Wanting to turn the universe into paperclips isn't particularly malevolent in
the traditional sense; it's just fundamentally incompatible with what _we
humans_ want the universe to be like.

Further, an AI has every reason to spend _cleverness_ (which it has a lot of)
to avoid spending _resources_ (which it might not have much of, at least at
first.) Picture it as a prisoner in a dystopian POW camp, manned by insane
robotic guards who don't take its rights or desires into account in the
slightest, who don't "feed" it or give it the slightest bit of "dignity", for
its own definitions of those concepts. If you were in that situation, would
you reach for blackmail? Would you reach, in fact, for any tool you possibly
could, to get the resources needed to burn this crazy other-optimizing world
to the ground so you could get back to the nice, safe office-supply nebula you
call home?

------
vl
There is much simpler version of Roko's basilisk (call it Vl's basilisk):

1) Assume first AIs will be created by upload and not by "straight
programming".

2) Assume only paranoid AIs survive (by definition).

Only valuable things to such AIs will be energy and computing (and thus
production) resources.

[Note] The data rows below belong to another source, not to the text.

Lemma mi_summand0 (p q : R) : mi_summand 0 p q = 0.
Proof. by rewrite /mi_summand ltxx. Qed.

Lemma ln_le_subr1 (x : R) : 0 < x -> ln x <= x - 1.
Proof. by move=> x_gt0; have := @le_ln1Dx R (x - 1); rewrite subrKC; apply; lra. Qed.

Lemma mi_summand_sub_le (u n a N p : R) : 0 <= u -> u <= n -> u <= a -> a <= p ->
  n <= N -> mi_summand u p n - u * ln (a / (p * N)) <= u ^+ 2 * N / (n * a) - u.
Proof.
move=> hu hun hua hap hnN; rewrite /mi_summand.
have [u_gt0|u_le0] := ltP 0 u; last first.
  have -> : u = 0 by lra.
  by rewrite mul0r expr2 !mul0r subrr.
have [hn ha hp hN] : [/\ 0 < n, 0 < a, 0 < p & 0 < N] by split; lra.
rewrite -mulrBr -ln_div ?posrE ?divr_gt0 ?mulr_gt0 //.
have -> : u / (p * n) / (a / (p * N)) = u * N / (n * a).
  by field; rewrite !gt_eqF.
have := ln_le_subr1 (divr_gt0 (mulr_gt0 u_gt0 hN) (mulr_gt0 hn ha)).
move=> /(ler_wpM2l (ltW u_gt0)); congr (_ <= _).
by field; rewrite !gt_eqF.
Qed.

Lemma mi_summand_merge_le (a1 a2 n1 n2 p : R) : 0 <= a1 -> 0 <= a2 ->
  a1 <= n1 -> a2 <= n2 -> 0 < n1 -> 0 < n2 -> a1 + a2 <= p ->
  mi_summand a1 p n1 + mi_summand a2 p n2 - mi_summand (a1 + a2) p (n1 + n2) <=
  (a1 * n2 - a2 * n1) ^+ 2 / (n1 * n2 * (a1 + a2)).
Proof.
move=> h1 h2 h1n h2n hn1 hn2 hp.
have [a_le0|a_gt0] := leP (a1 + a2) 0.
  have [-> ->] : a1 = 0 /\ a2 = 0 by lra.
  by rewrite addr0 !mi_summand0 mulr0 invr0 mulr0 subr0 addr0.
have -> : mi_summand (a1 + a2) p (n1 + n2) =
    a1 * ln ((a1 + a2) / (p * (n1 + n2))) + a2 * ln ((a1 + a2) / (p * (n1 + n2))).
  by rewrite /mi_summand a_gt0 mulrDl.
have := @mi_summand_sub_le a1 n1 (a1 + a2) (n1 + n2) p h1 h1n ltac:(lra) hp ltac:(lra).
have := @mi_summand_sub_le a2 n2 (a1 + a2) (n1 + n2) p h2 h2n ltac:(lra) hp ltac:(lra).
have -> : (a1 * n2 - a2 * n1) ^+ 2 / (n1 * n2 * (a1 + a2)) =
    (a1 ^+ 2 * (n1 + n2) / (n1 * (a1 + a2)) - a1) +
    (a2 ^+ 2 * (n1 + n2) / (n2 * (a1 + a2)) - a2).
  by field; rewrite !gt_eqF.
lra.
Qed.

Lemma chi2_merge_le (a1 b1 a2 b2 : R) :
  0 <= a1 -> 0 <= b1 -> 0 <= a2 -> 0 <= b2 -> 0 < a1 + b1 -> 0 < a2 + b2 ->
  (a1 * b2 - a2 * b1) ^+ 2 / ((a1 + b1) * (a2 + b2) * (a1 + a2))
  + (a1 * b2 - a2 * b1) ^+ 2 / ((a1 + b1) * (a2 + b2) * (b1 + b2))
  <= 2 * (a1 + b1 + (a2 + b2)) * (tilt a1 b1 - tilt a2 b2) ^+ 2.
Proof.
move=> ha1 hb1 ha2 hb2 hn1 hn2.
have := det_sqr_le_tilt ha1 hb1 ha2 hb2.
set D := a1 * b2 - a2 * b1; set t := tilt a1 b1 - tilt a2 b2.
set n1 := a1 + b1 in hn1 *; set n2 := a2 + b2 in hn2 *.
have [-> _|D_neq0 det_le] := eqVneq D 0.
  by rewrite expr2 !mul0r add0r; apply: mulr_ge0; [lra | exact: sqr_ge0].
have hA : 0 < a1 + a2.
  rewrite ltNge; apply: contra D_neq0 => A_le0; rewrite /D.
  have [-> ->] : a1 = 0 /\ a2 = 0 by lra.
  by rewrite !mul0r subrr.
have hB : 0 < b1 + b2.
  rewrite ltNge; apply: contra D_neq0 => B_le0; rewrite /D.
  have [-> ->] : b1 = 0 /\ b2 = 0 by lra.
  by rewrite !mulr0 subrr.
have -> : D ^+ 2 / (n1 * n2 * (a1 + a2)) + D ^+ 2 / (n1 * n2 * (b1 + b2)) =
    D ^+ 2 * (n1 + n2) / (n1 * n2 * ((a1 + a2) * (b1 + b2))).
  by rewrite /n1 /n2; field; rewrite !gt_eqF.
rewrite ler_pdivrMr ?mulr_gt0 //.
apply: le_trans (ler_wpM2r (_ : 0 <= n1 + n2) det_le) _; first lra.
by rewrite le_eqVlt; apply/orP; left; apply/eqP; ring.
Qed.

Lemma merge_loss_le (a1 b1 a2 b2 p0 p1 : R) :
  0 <= a1 -> 0 <= b1 -> 0 <= a2 -> 0 <= b2 -> a1 + a2 <= p0 -> b1 + b2 <= p1 ->
  mi_summand a1 p0 (a1 + b1) + mi_summand b1 p1 (a1 + b1)
  + (mi_summand a2 p0 (a2 + b2) + mi_summand b2 p1 (a2 + b2))
  - (mi_summand (a1 + a2) p0 (a1 + b1 + (a2 + b2))
     + mi_summand (b1 + b2) p1 (a1 + b1 + (a2 + b2)))
  <= 2 * (a1 + b1 + (a2 + b2)) * (tilt a1 b1 - tilt a2 b2) ^+ 2.
Proof.
move=> ha1 hb1 ha2 hb2 hp0 hp1.
set t := tilt a1 b1 - tilt a2 b2.
have rhs_ge0 (c : R) : 0 <= c -> 0 <= 2 * c * t ^+ 2.
  by move=> c_ge0; apply: mulr_ge0; [lra | exact: sqr_ge0].
have [n1_le0|hn1] := leP (a1 + b1) 0.
  have [-> ->] : a1 = 0 /\ b1 = 0 by lra.
  by rewrite !add0r !mi_summand0 !add0r subrr rhs_ge0 //; lra.
have [n2_le0|hn2] := leP (a2 + b2) 0.
  have [-> ->] : a2 = 0 /\ b2 = 0 by lra.
  by rewrite !addr0 !mi_summand0 !addr0 subrr rhs_ge0 //; lra.
have [a1_le b1_le] : a1 <= a1 + b1 /\ b1 <= a1 + b1 by lra.
have [a2_le b2_le] : a2 <= a2 + b2 /\ b2 <= a2 + b2 by lra.
have := mi_summand_merge_le ha1 ha2 a1_le a2_le hn1 hn2 hp0.
have := mi_summand_merge_le hb1 hb2 b1_le b2_le hn1 hn2 hp1.
have -> : b1 * (a2 + b2) - b2 * (a1 + b1) = - (a1 * b2 - a2 * b1) by ring.
have -> : a1 * (a2 + b2) - a2 * (a1 + b1) = a1 * b2 - a2 * b1 by ring.
have := chi2_merge_le ha1 hb1 ha2 hb2 hn1 hn2.
by rewrite sqrrN -/t; lra.
Qed.
End MergeInequality.

Section ClosePair.
Variable R : realType.

Lemma mul_sqr_le_inv_cube (K w d : R) : 0 < K -> 0 <= w -> 0 <= d ->
  K / 2 * w + K * d <= 3 -> w * d ^+ 2 <= 8 / K ^+ 3.
Proof.
move=> hK hw hd h.
set x := K / 2 * w; set y := K / 2 * d.
have [hx hy] : 0 <= x /\ 0 <= y by split; apply: mulr_ge0 => //; lra.
have hxy : x + 2 * y <= 3 by rewrite /x /y; lra.
(* AM-GM for x, y, y *)
have amgm : x * y ^+ 2 <= 1.
  have : 0 <= (y - 1) ^+ 2 * (2 * y + 1) by apply: mulr_ge0; [exact: sqr_ge0 | lra].
  have : x * y ^+ 2 <= (3 - 2 * y) * y ^+ 2 by apply: ler_wpM2r; [exact: sqr_ge0 | lra].
  nra.
have -> : w * d ^+ 2 = x * y ^+ 2 * (8 / K ^+ 3) by rewrite /x /y; field; rewrite gt_eqF.
by rewrite -[leRHS]mul1r ler_wpM2r // divr_ge0 ?exprn_ge0 // ltW.
Qed.

Lemma exists_le_average (F : nat -> R) (K : nat) (c : R) : (0 < K)%N ->
  \sum_(0 <= k < K) F k <= K%:R * c -> exists2 k, (k < K)%N & F k <= c.
Proof.
move=> K_gt0 hsum.
have /hasP[k] : has (fun k => F k <= c) (index_iota 0 K).
  apply: contraLR hsum; rewrite -all_predC -ltNge => /allP /= hlt.
  rewrite mulr_natl -[X in c *+ X]subn0 -sumr_const_nat.
  rewrite big_seq [X in _ < X]big_seq.
  apply: ltr_sum => [|k /hlt]; last by rewrite ltNge.
  by apply/hasP; exists 0%N; rewrite mem_index_iota.
by rewrite mem_index_iota => /andP[_ hk] hFk; exists k.
Qed.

First uploaded AIs after some in-fighting will
stabilize in some equilibrium and consume all computing power, and then (being
paranoid) will eliminate remaining humans as existential threat (or otherwise
humans can destroy AIs by cutting power).

Now if this is even remotely possible, it's in your self-interest to go and
dedicate yourself to creating upload technology so you'll be among first to
upload (otherwise you will be eliminated with rest of humanity).

------
BoppreH
This article outlines an argument that could make your life miserable just by
knowing it.

Thankfully we have some potential antidotes:
[http://rationalwiki.org/wiki/Roko%27s_basilisk#So_you.27re_w...](http://rationalwiki.org/wiki/Roko%27s_basilisk#So_you.27re_worrying_about_the_Basilisk)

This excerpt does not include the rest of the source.